(* Let $R$ be a commutative ring. The following are equivalent: (i) $R$ is a p.p. ring; (ii) $R$ is a p.f. ring and $T(R)$ is an absolutely flat ring; (iii) $T(R)$ is an absolutely flat ring and the idempotents of $R$ can be lifted along each localization of $R$, i.e. for every multiplicative subset $S\subseteq R$ and every idempotent $x\in S^{-1}R$ there is an idempotent $e\in R$ with $e/1=x$; (iv) $T(R)$ is an absolutely flat ring and for every idempotent $x\in T(R)$ there is an idempotent $e\in R$ with $e/1=x$.
   Context: All rings are commutative with identity. A ring $R$ is a p.p. ring if every principal ideal of $R$ is a projective $R$-module; it is a p.f. ring if every principal ideal of $R$ is a flat $R$-module. $Z(R)=\{f\in R:\operatorname{Ann}(f)\neq 0\}$ is the set of zero-divisors and $T(R)=S^{-1}R$ with $S=R\setminus Z(R)$ is the total ring of fractions. A ring is absolutely flat if every module over it is flat (equivalently, von Neumann regular). *)

From HB Require Import structures.
From mathcomp Require Import all_boot all_order all_algebra.

Set Implicit Arguments.
Unset Strict Implicit.
Unset Printing Implicit Defensive.

Import GRing.Theory.
Local Open Scope ring_scope.

(* Commutative rings with identity (the zero ring is allowed): comPzRingType.
   Subsets of R (ideals, multiplicative subsets) are Prop-valued predicates. *)

Section Defs.
Variable R : comPzRingType.

Definition principal_ideal (f : R) : R -> Prop := fun x => exists r : R, x = r * f.

Definition is_linear_map (M N : lmodType R) (g : M -> N) : Prop :=
  forall (r : R) (x y : M), g (r *: x + y) = r *: g x + g y.

(* A map h : R -> N whose restriction to the submodule I of R is R-linear;
   this represents an element of Hom_R(I, N). *)
Definition lin_on (N : lmodType R) (I : R -> Prop) (h : R -> N) : Prop :=
  forall (r x y : R), I x -> I y -> h (r * x + y) = r *: h x + h y.
(* Let $b\in C^1([0,\infty))$ satisfy $b(t)>0$ for all $t\ge0$ and $\limsup_{t\to\infty}\frac{|b'(t)|}{b(t)^2}<1$. Then $$B_0:=\int_0^\infty\exp\Big(-\int_0^sb(\sigma)\,d\sigma\Big)\,ds<\infty\quad\text{and}\quad \lim_{t\to\infty}\frac{1}{b(t)}\exp\Big(-\int_0^tb(\sigma)\,d\sigma\Big)=0.$$ Assume further that $1/b\notin L^1(0,\infty)$ and that there exist $\gamma>0$ and $C>0$ with $\frac{|b'(t)|}{b(t)^2}\le C(t+1)^{-\gamma}$ for $t>0$. Then $$\lim_{t\to\infty}\frac{1}{b(t)^2(B(t)+1)}=0,\qquad\text{where } B(t)=\int_0^t\frac{d\sigma}{b(\sigma)}.$$ *)

From Stdlib Require Import Reals.
From Coquelicot Require Import Coquelicot.
Open Scope R_scope.

(* b is C^1 on [0, +oo) with derivative b':
   b' is the derivative of b at every t > 0, the right derivative at 0,
   and b, b' are continuous on [0, +oo) (relative topology). *)
Definition C1_nonneg (b b' : R -> R) : Prop :=
  (forall t, 0 < t -> is_derive b t (b' t)) /\
  filterlim (fun h => (b h - b 0) / h) (at_right 0) (locally (b' 0)) /\
  (forall t, 0 <= t ->
     filterlim b (within (fun x => 0 <= x) (locally t)) (locally (b t))) /\
  (forall t, 0 <= t ->
     filterlim b' (within (fun x => 0 <= x) (locally t)) (locally (b' t))).

(* limsup_{t -> +oo} f t < c, unfolded:
   inf_T sup_{t >= T} f t < c  iff  some tail of f is bounded by some q < c. *)
Definition limsup_pinfty_lt (f : R -> R) (c : R) : Prop :=
  exists T q, q < c /\ forall t, T <= t -> f t <= q.

From Stdlib Require Import Reals Lra.
From Coquelicot Require Import Coquelicot.
Open Scope R_scope.
(* Let $A$ and $B$ be $k$-bialgebras and let $H=A\otimes^\phi_\tau B$ be a bitwisted tensor product, with twisting map $\tau\colon B\otimes A\to A\otimes B$ and cotwisting map $\phi\colon A\otimes B\to B\otimes A$. If $\tau\colon B\otimes^!A\to A\otimes^!B$ and $\phi\colon A\otimes^!B\to B\otimes^!A$ are both continuous, where $A$ and $B$ carry their cofinite topologies, then there is an isomorphism of bialgebras \[H^\circ\cong A^\circ\otimes^{\tau^\circ}_{\phi^\circ}B^\circ.\]
   Context: $k$ is a field (discrete topology). For an algebra $R$, the cofinite topology is the linear topology whose open subspaces are those containing a two-sided ideal of finite codimension; $R^\circ$ is the finite dual (functionals whose kernel contains such an ideal); for a bialgebra $R$, $R^\circ$ is a bialgebra with comultiplication dual to the multiplication and multiplication dual to the comultiplication. For linearly topologized spaces $E,F$, $E\otimes^!F$ is $E\otimes F$ with the linear topology whose open subspaces contain $E_0\otimes F+E\otimes F_0$ for some open subspaces $E_0,F_0$; continuous duals satisfy $(A\otimes^!B)^\circ\cong A^\circ\otimes B^\circ$ for cofinite topologies, so $\tau^\circ$ is a linear map $A^\circ\otimes B^\circ\to B^\circ\otimes A^\circ$ and $\phi^\circ$ a linear map $B^\circ\otimes A^\circ\to A^\circ\otimes B^\circ$. A twisting map $\tau\colon B\otimes A\to A\otimes B$ for algebras is a linear map such that $(m_A\otimes m_B)\circ(\mathrm{id}\otimes\tau\otimes\mathrm{id})$ is an associative multiplication on $A\otimes B$ with unit $1\otimes1$ (algebra $A\otimes_\tau B$); a cotwisting map $\phi\colon C\otimes D\to D\otimes C$ for coalgebras is a linear map such that $(\mathrm{id}\otimes\phi\otimes\mathrm{id})\circ(\Delta_C\otimes\Delta_D)$ is a coassociative comultiplication on $C\otimes D$ with counit $\varepsilon_C\otimes\varepsilon_D$ (coalgebra $C\otimes^\phi D$). If $A,B$ are both algebras and coalgebras, $\tau$ a twisting map and $\phi$ a cotwisting map such that $A\otimes_\tau B$ and $A\otimes^\phi B$ together make $A\otimes B$ a bialgebra, this bialgebra is the bitwisted tensor product $A\otimes^\phi_\tau B$. Accordingly $A^\circ\otimes^{\tau^\circ}_{\phi^\circ}B^\circ$ denotes $A^\circ\otimes B^\circ$ with algebra structure $A^\circ\otimes_{\phi^\circ}B^\circ$ and coalgebra structure $A^\circ\otimes^{\tau^\circ}B^\circ$. *)

From HB Require Import structures.
From mathcomp Require Import all_boot all_order all_algebra.
From mathcomp Require Import boolp classical_sets functions.
From mathcomp Require Import ring.

Set Implicit Arguments.
Unset Strict Implicit.
Unset Printing Implicit Defensive.

Import GRing.Theory.
Local Open Scope ring_scope.

Section Bitwisted.
Variable k : fieldType.

Definition lin (U V : lmodType k) (f : U -> V) : Prop :=
  forall (a : k) x y, f (a *: x + y) = a *: f x + f y.

Definition linf (U : lmodType k) (f : U -> k) : Prop :=
  forall (a : k) x y, f (a *: x + y) = a * f x + f y.

Definition bil (V W : lmodType k) (B : V -> W -> k) : Prop :=
  (forall w, linf (fun v => B v w)) /\ (forall v, linf (B v)).

Definition Bil (V W : lmodType k) := {B : V -> W -> k | bil B}.

Lemma linf0 (U : lmodType k) (f : U -> k) : linf f -> f 0 = 0.
Proof.
move=> lf; have := lf 1 0 0; rewrite scale1r addr0 mul1r => h.
by apply: (@addrI _ (f 0)); rewrite addr0 -h.
Qed.

Lemma linfZ (U : lmodType k) (f : U -> k) a x : linf f -> f (a *: x) = a * f x.
Proof. by move=> lf; have := lf a x 0; rewrite addr0 linf0 // addr0. Qed.

(* The algebraic tensor product V (x) W of two k-vector spaces.
   An element is represented by the linear functional it induces on the
   space of bilinear forms V x W -> k; the elements are exactly those
   functionals given by finite sums  sum_i v_i (x) w_i.  Over a field
   the canonical map V (x) W -> (Bil V W)^* is injective, so this is
   (isomorphic to) the usual tensor product.                           *)

Definition tsum (V W : lmodType k) (s : seq (V * W)) : Bil V W -> k^o :=
  fun B => \sum_(p <- s) sval B p.1 p.2.

Definition is_tensor (V W : lmodType k) : {pred Bil V W -> k^o} :=
  fun t => `[< exists s : seq (V * W), t = tsum s >].

Lemma is_tensor_submod_closed (V W : lmodType k) :
  GRing.submod_closed (@is_tensor V W).
Proof.
split.
  apply/asboolP; exists [::]; apply/funext => B.
  by rewrite /tsum big_nil.
move=> a t u /asboolP [s ->] /asboolP [s' ->]; apply/asboolP.
exists ([seq (a *: p.1, p.2) | p <- s] ++ s'); apply/funext => B.
rewrite /tsum big_cat big_map /=; congr (_ + _).
rewrite [LHS]/GRing.scale /= /GRing.scale /= mulr_sumr.
apply: eq_bigr => p _; case: B => B [BV BW] /=.
by rewrite -(linfZ a p.1 (BV p.2)).
Qed.

Record tens (V W : lmodType k) := Tens {
  tval : Bil V W -> k^o;
  tvalP : tval \in @is_tensor V W }.

Section TensInst.
Variables V W : lmodType k.
HB.instance Definition _ := [isSub for @tval V W].
HB.instance Definition _ := [Choice of tens V W by <:].
HB.instance Definition _ := GRing.isSubmodClosed.Build k (Bil V W -> k^o)
  (@is_tensor V W) (GRing.submod_closed_semi (is_tensor_submod_closed V W)).
HB.instance Definition _ := [SubChoice_isSubLmodule of tens V W by <:].
End TensInst.

Lemma tensP (V W : lmodType k) (t : tens V W) :
  exists s : seq (V * W), tval t = tsum s.
Proof. exact/asboolP/tvalP. Qed.

Definition trep (V W : lmodType k) (t : tens V W) : seq (V * W) :=
  projT1 (cid (tensP t)).

Lemma pure_is_tensor (V W : lmodType k) (v : V) (w : W) :
  tsum [:: (v, w)] \in @is_tensor V W.
Proof. by apply/asboolP; exists [:: (v, w)]. Qed.

Definition tmul (V W : lmodType k) (v : V) (w : W) : tens V W :=
  Tens (pure_is_tensor v w).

Work task:
Restate, word for word, the listing above from its first line through the line that contains "Definition lin_on (N", keeping both of those lines.

Output of the task:
(* Let $R$ be a commutative ring. The following are equivalent: (i) $R$ is a p.p. ring; (ii) $R$ is a p.f. ring and $T(R)$ is an absolutely flat ring; (iii) $T(R)$ is an absolutely flat ring and the idempotents of $R$ can be lifted along each localization of $R$, i.e. for every multiplicative subset $S\subseteq R$ and every idempotent $x\in S^{-1}R$ there is an idempotent $e\in R$ with $e/1=x$; (iv) $T(R)$ is an absolutely flat ring and for every idempotent $x\in T(R)$ there is an idempotent $e\in R$ with $e/1=x$.
   Context: All rings are commutative with identity. A ring $R$ is a p.p. ring if every principal ideal of $R$ is a projective $R$-module; it is a p.f. ring if every principal ideal of $R$ is a flat $R$-module. $Z(R)=\{f\in R:\operatorname{Ann}(f)\neq 0\}$ is the set of zero-divisors and $T(R)=S^{-1}R$ with $S=R\setminus Z(R)$ is the total ring of fractions. A ring is absolutely flat if every module over it is flat (equivalently, von Neumann regular). *)

From HB Require Import structures.
From mathcomp Require Import all_boot all_order all_algebra.

Set Implicit Arguments.
Unset Strict Implicit.
Unset Printing Implicit Defensive.

Import GRing.Theory.
Local Open Scope ring_scope.

(* Commutative rings with identity (the zero ring is allowed): comPzRingType.
   Subsets of R (ideals, multiplicative subsets) are Prop-valued predicates. *)

Section Defs.
Variable R : comPzRingType.

Definition principal_ideal (f : R) : R -> Prop := fun x => exists r : R, x = r * f.

Definition is_linear_map (M N : lmodType R) (g : M -> N) : Prop :=
  forall (r : R) (x y : M), g (r *: x + y) = r *: g x + g y.

(* A map h : R -> N whose restriction to the submodule I of R is R-linear;
   this represents an element of Hom_R(I, N). *)
Definition lin_on (N : lmodType R) (I : R -> Prop) (h : R -> N) : Prop :=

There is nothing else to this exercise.